QuickSearch Algorithm (Blitzes Findstring)

Share your advanced PureBasic knowledge/code with the community.
kinglestat
Enthusiast
Enthusiast
Posts: 746
Joined: Fri Jul 14, 2006 8:53 pm
Location: Malta
Contact:

Post by kinglestat »

a point of interest
myfind fails with search patterns long 1 character

a very informative post
cheers
I may not help with your coding
Just ask about mental issues!

http://www.lulu.com/spotlight/kingwolf
http://www.sen3.net
User avatar
pdwyer
Addict
Addict
Posts: 2813
Joined: Tue May 08, 2007 1:27 pm
Location: Chiba, Japan

Post by pdwyer »

Opps, didn't I update that bug fix :oops:

I'll get to that when I get home.

Actually, if there is a high chance of a search being only a couple of characters then this algorithm is not going to do much for you.

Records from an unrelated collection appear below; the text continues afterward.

Lemma ode_solution_flow_bound (u : R -> 'rV[R]_m) (a b : R) (xa : 'rV[R]_nx) x :
  (forall t, a < t < b -> enorm (u t) <= rho) -> b - a <= 1 ->
  ode_solution f u a b xa x -> forall t, a <= t <= b -> enorm (x t) <= flow_bound (enorm xa).
Proof.
move=> u_rho ba ode t tab.
have K2 := sqr_ge0 K; have rho2 := sqr_ge0 rho; have f0 := enorm2_ge0 (f (0, 0)).
have p0 : 0 <= 4 * K ^+ 2 by lra.
have q0 : 0 <= 4 * K ^+ 2 * rho ^+ 2 + 2 * enorm2 (f (0, 0)) by nra.
have := ode_solution_enorm2_le p0 q0 (lipschitz_enorm2_growth K_ge0 f_lip) u_rho ode tab.
rewrite -/flow_rate -!sqr_enorm => x_le.
have rate_le : flow_rate * (t - a) <= flow_rate.
  case/andP: tab => _ tb; rewrite -[leRHS]mulr1.
  by apply: ler_wpM2l; [exact: flow_rate_ge0 | apply: le_trans ba; rewrite lerD2r].
apply: le_trans (le_trans x_le _); first by have := sqr_ge0 (enorm (x t) - 1); nra.
by apply: ler_wpM2l; [rewrite addr_ge0 ?sqr_ge0 | rewrite ler_expR].
Qed.

Fixpoint state_bound k (y : nat -> 'rV[R]_ny) : R :=
  if k is k'.+1 then flow_bound (gb (state_bound k' y) (enorm (y k)))
  else flow_bound (enorm x0).

Lemma state_bound_ge0 k y : 0 <= state_bound k y.
Proof. by case: k => [|k]; exact: flow_bound_ge0. Qed.

Lemma poly_bounded_state_bound :
  (forall k (F G : (nat -> 'rV[R]_ny) -> R), (forall y, 0 <= F y) -> (forall y, 0 <= G y) ->
     poly_bounded k F -> poly_bounded k G -> poly_bounded k (fun y => gb (F y) (G y))) ->
  forall k, poly_bounded k (state_bound k).
Proof.
move=> gb_poly.
have flow_poly k (F : (nat -> 'rV[R]_ny) -> R) : (forall y, 0 <= F y) -> poly_bounded k F ->
    poly_bounded k (fun y => flow_bound (F y)).
  move=> F0 FP; apply: poly_boundedM => [y|y||]; rewrite ?expR_ge0 ?addr_ge0 ?sqr_ge0 //.
    exact: poly_boundedD (poly_boundedX 2 F0 FP) (poly_bounded_cst _ _).
  exact: poly_bounded_cst.
elim=> [|k IH]; first exact: poly_bounded_cst.
apply: flow_poly => [y|]; first by rewrite gb_ge0 ?state_bound_ge0 ?enorm_ge0.
apply: gb_poly => [y|y||]; rewrite ?state_bound_ge0 ?enorm_ge0 //.
  exact: poly_bounded_widen (leqnSn k) IH.
exact: poly_bounded_obs.
Qed.

Lemma hybrid_trajectory_le (u : R -> 'rV[R]_m) y xs :
  admissible_control T rho u -> hybrid_trajectory T f g x0 u y xs ->
  forall k, (k < T)%N -> forall t, k%:R <= t <= k.+1%:R -> enorm (xs k.+1 t) <= state_bound k y.
Proof.
move=> [_ u_rho] [xs1 xsS].
have u_rho' a b : 0 <= a -> b <= T%:R -> forall t, a < t < b -> enorm (u t) <= rho.
  move=> a0 bT t /andP[a_t tb]; apply: u_rho.
  by rewrite (le_trans a0 (ltW a_t)) (le_trans (ltW tb) bT).
elim=> [|k IH] kT t kt.
  move: kt; rewrite /= mulr1n => kt.
  apply: (ode_solution_flow_bound _ _ xs1 kt); last by rewrite subr0.
  by apply: u_rho'; rewrite ?lexx ?ler1n.
have xsk := xsS k.+2; rewrite kT /= in xsk.
have len1 : k.+2%:R - k.+1%:R <= 1 :> R by rewrite -natrB // subSnn.
have uk : forall t, k.+1%:R < t < k.+2%:R -> enorm (u t) <= rho.
  by apply: u_rho'; rewrite ?ler0n ?ler_nat.
rewrite /=; apply: le_trans (ode_solution_flow_bound uk len1 (xsk isT) kt) _.
apply: flow_bound_homo; first exact: enorm_ge0.
apply: le_trans (g_le _ _) _; apply: gb_homo; rewrite ?enorm_ge0 //.
by apply: IH; [exact: ltnW | rewrite lexx ler_nat leqnSn].
Qed.
Lemma lift_perm_decomp m (s : 'S_m.+1) :
  exists s' : 'S_m, s = lift_perm ord_max (s ord_max) s'.
Proof.
set j := s ord_max; pose f k := odflt k (unlift j (s (lift ord_max k))).
have fK k : lift j (f k) = s (lift ord_max k).
  rewrite /f; have := neq_lift ord_max k.
  by rewrite -(can_eq (permK s)) => /unlift_some [? ? ->].
have f_inj : injective f.
  by move=> a b fab; apply/(@lift_inj _ ord_max)/(@perm_inj _ s); rewrite -!fK fab.
exists (perm f_inj); apply/permP => k.
case: (unliftP ord_max k) => [k'|] ->; rewrite ?lift_perm_id //.
by rewrite lift_perm_lift permE fK.
Qed.

Lemma odd_perm_ninv m (s : 'S_m) : odd (perm_ninv s) = odd_perm s.
Proof.
elim: m s => [|m IH] s.
  by rewrite /perm_ninv big_ord0 (_ : s = 1%g) ?odd_perm1 //; apply/permP => -[].
have [s' ->] := lift_perm_decomp s.
rewrite perm_ninv_lift oddD oddB ?IH ?odd_lift_perm /=; last by rewrite -ltnS.
by rewrite addbC addbA.
Qed.

Lemma ograph_wf_Gamma n ks (c : seq ('I_n * 'I_n)) :
  all (fun x => 0 < x) ks -> sumn ks = n ->
  uniq (chord_ends c) -> size (chord_ends c) = n -> ograph_wf (Gamma ks c).
Proof.
move=> ks_pos ks_sum c_uniq c_full; split => /=.
- by move=> h; apply: blk_lt; rewrite ks_sum.
- move=> a /(blk_surj ks_pos) [h]; rewrite ks_sum => hn <-.
  by exists (Ordinal hn).
- by move=> h; rewrite partnerK ?partner_neq.
- by move=> h; rewrite cd_src_partner //; case: (_ \in _).
Qed.

Lemma Geq_giso X Y phi pi : ograph_wf X -> ograph_wf Y -> giso X Y phi pi ->
  Geq Y ((-1) ^+ gsign_exp X Y phi pi) X.
Proof. by move=> wfX wfY isoXY f f_lin; apply: f_lin. Qed.

Definition permuted_sizes (ks : seq nat) (s : 'S_(size ks)) : seq nat :=
  [seq nth 0 ks (s t) | t <- enum 'I_(size ks)].

Section PermutedSizes.
Variables (ks : seq nat) (s : 'S_(size ks)).

Lemma size_permuted_sizes : size (permuted_sizes s) = size ks.
Proof. by rewrite size_map size_enum_ord. Qed.

Lemma nth_permuted_sizes (t : 'I_(size ks)) : nth 0 (permuted_sizes s) t = nth 0 ks (s t).
Proof. by rewrite (nth_map t) ?size_enum_ord // nth_ord_enum. Qed.

Lemma perm_eq_permuted_sizes : perm_eq (permuted_sizes s) ks.
Proof.
rewrite -[X in perm_eq _ X](mkseq_nth 0) /mkseq -val_enum_ord -map_comp /permuted_sizes.
rewrite (eq_map (_ : _ =1 (nth 0 ks \o val) \o s)) // map_comp; apply: perm_map.
apply: uniq_perm; rewrite ?(map_inj_uniq (@perm_inj _ s)) ?enum_uniq // => t.
by rewrite mem_enum -(permKV s t) map_f ?mem_enum.
Qed.
End PermutedSizes.

Section GammaIsomorphisms.
Variables (n : nat) (ks : seq nat) (c : seq ('I_n * 'I_n)).
Hypotheses (ks_pos : all (fun x => 0 < x) ks) (ks_sum : sumn ks = n).
Hypotheses (c_uniq : uniq (chord_ends c)) (c_full : size (chord_ends c) = n).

Thanks for spotting that though!
Paul Dwyer

“In nature, it’s not the strongest nor the most intelligent who survives. It’s the most adaptable to change” - Charles Darwin
“If you can't explain it to a six-year old you really don't understand it yourself.” - Albert Einstein
kinglestat
Enthusiast
Enthusiast
Posts: 746
Joined: Fri Jul 14, 2006 8:53 pm
Location: Malta
Contact:

Post by kinglestat »

you do score a good point
but I have the knack of finding these akward bugs
I point them out as it happens to me at times that somehting doesnt work as it should and banging my head against the wall doesnt really work!

good work
I may not help with your coding
Just ask about mental issues!

http://www.lulu.com/spotlight/kingwolf
http://www.sen3.net
User avatar
pdwyer
Addict
Addict
Posts: 2813
Joined: Tue May 08, 2007 1:27 pm
Location: Chiba, Japan

Post by pdwyer »

If it gets the bugs out then keep reading!

The code will only get better

Code: Select all


Structure MemoryArray 
    Byte.c[0] 
EndStructure 

Procedure.l Quicksearch(StartPos.l, *MainMem, MainLen.l, *FindMem, FindLen.l) 

    *MainByteArray.MemoryArray = *MainMem
    *FindByteArray.MemoryArray = *FindMem 
    StartPos =- 1

    ; Build BadChr Array
    Dim BadChar.l(255)
    
    ; set all alphabet to max shift pos (length of find string plus 1)
    For i = 0 To 255
        BadChar(i)  =  FindLen + 1
    Next
    
    ;Update chars that are in the find string to their position from the end.
    For i = 0 To findlen -1
        BadChar(*FindByteArray\byte[i]) = findlen - i    
    Next     

    MainArrayLoop.l = StartPos 
    EndSearchPos.l = MainLen - (FindLen -1)
    
    While MainArrayLoop <= EndSearchPos
    
        If CompareMemory(*MainMem + MainArrayLoop, *FindMem, FindLen) = 1
            FoundPos = MainArrayLoop + 1
            Break
        EndIf 
        
        ;Didn't find the string so shift as per the table.
        MainArrayLoop + BadChar(*MainByteArray.MemoryArray\byte[MainArrayLoop + FindLen])
    
    Wend

    ProcedureReturn FoundPos

EndProcedure 


Debug Quicksearch(1, @"ABCDEF", 6, @"A", 1) 
Debug Quicksearch(1, @"ABCDEF", 6, @"F", 1)
Debug Quicksearch(1, @"ABCDEF", 6, @"BC", 2)

Paul Dwyer

“In nature, it’s not the strongest nor the most intelligent who survives. It’s the most adaptable to change” - Charles Darwin
“If you can't explain it to a six-year old you really don't understand it yourself.” - Albert Einstein
Little John
Addict
Addict
Posts: 4777
Joined: Thu Jun 07, 2007 3:25 pm
Location: Berlin, Germany

Post by Little John »

Thanks a lot Paul, your QuickSearch() function is very useful! A big advantage over the built-in FindString() function is, that QuickSearch() can be used for arbitrary chunks of memory, regardless whether or not they contain NULL bytes! Very much appreciated!
I have a tiny suggestion for cosmetic improvement: When all variables inside the procedure were declared, then the code would work with EnableExplicit without the need of any change.
And a question, please: Does QuickSearch() work only in ASCII mode, or does it work in Unicode mode as well?

Regards, Little John
User avatar
pdwyer
Addict
Addict
Posts: 2813
Joined: Tue May 08, 2007 1:27 pm
Location: Chiba, Japan

Post by pdwyer »

bit of a sore point that. The .c type is what I want to use as it's unsigned but changes size with unicode and so will screw up there. This should work fine with .b as I'm not shifting bits. (need to test)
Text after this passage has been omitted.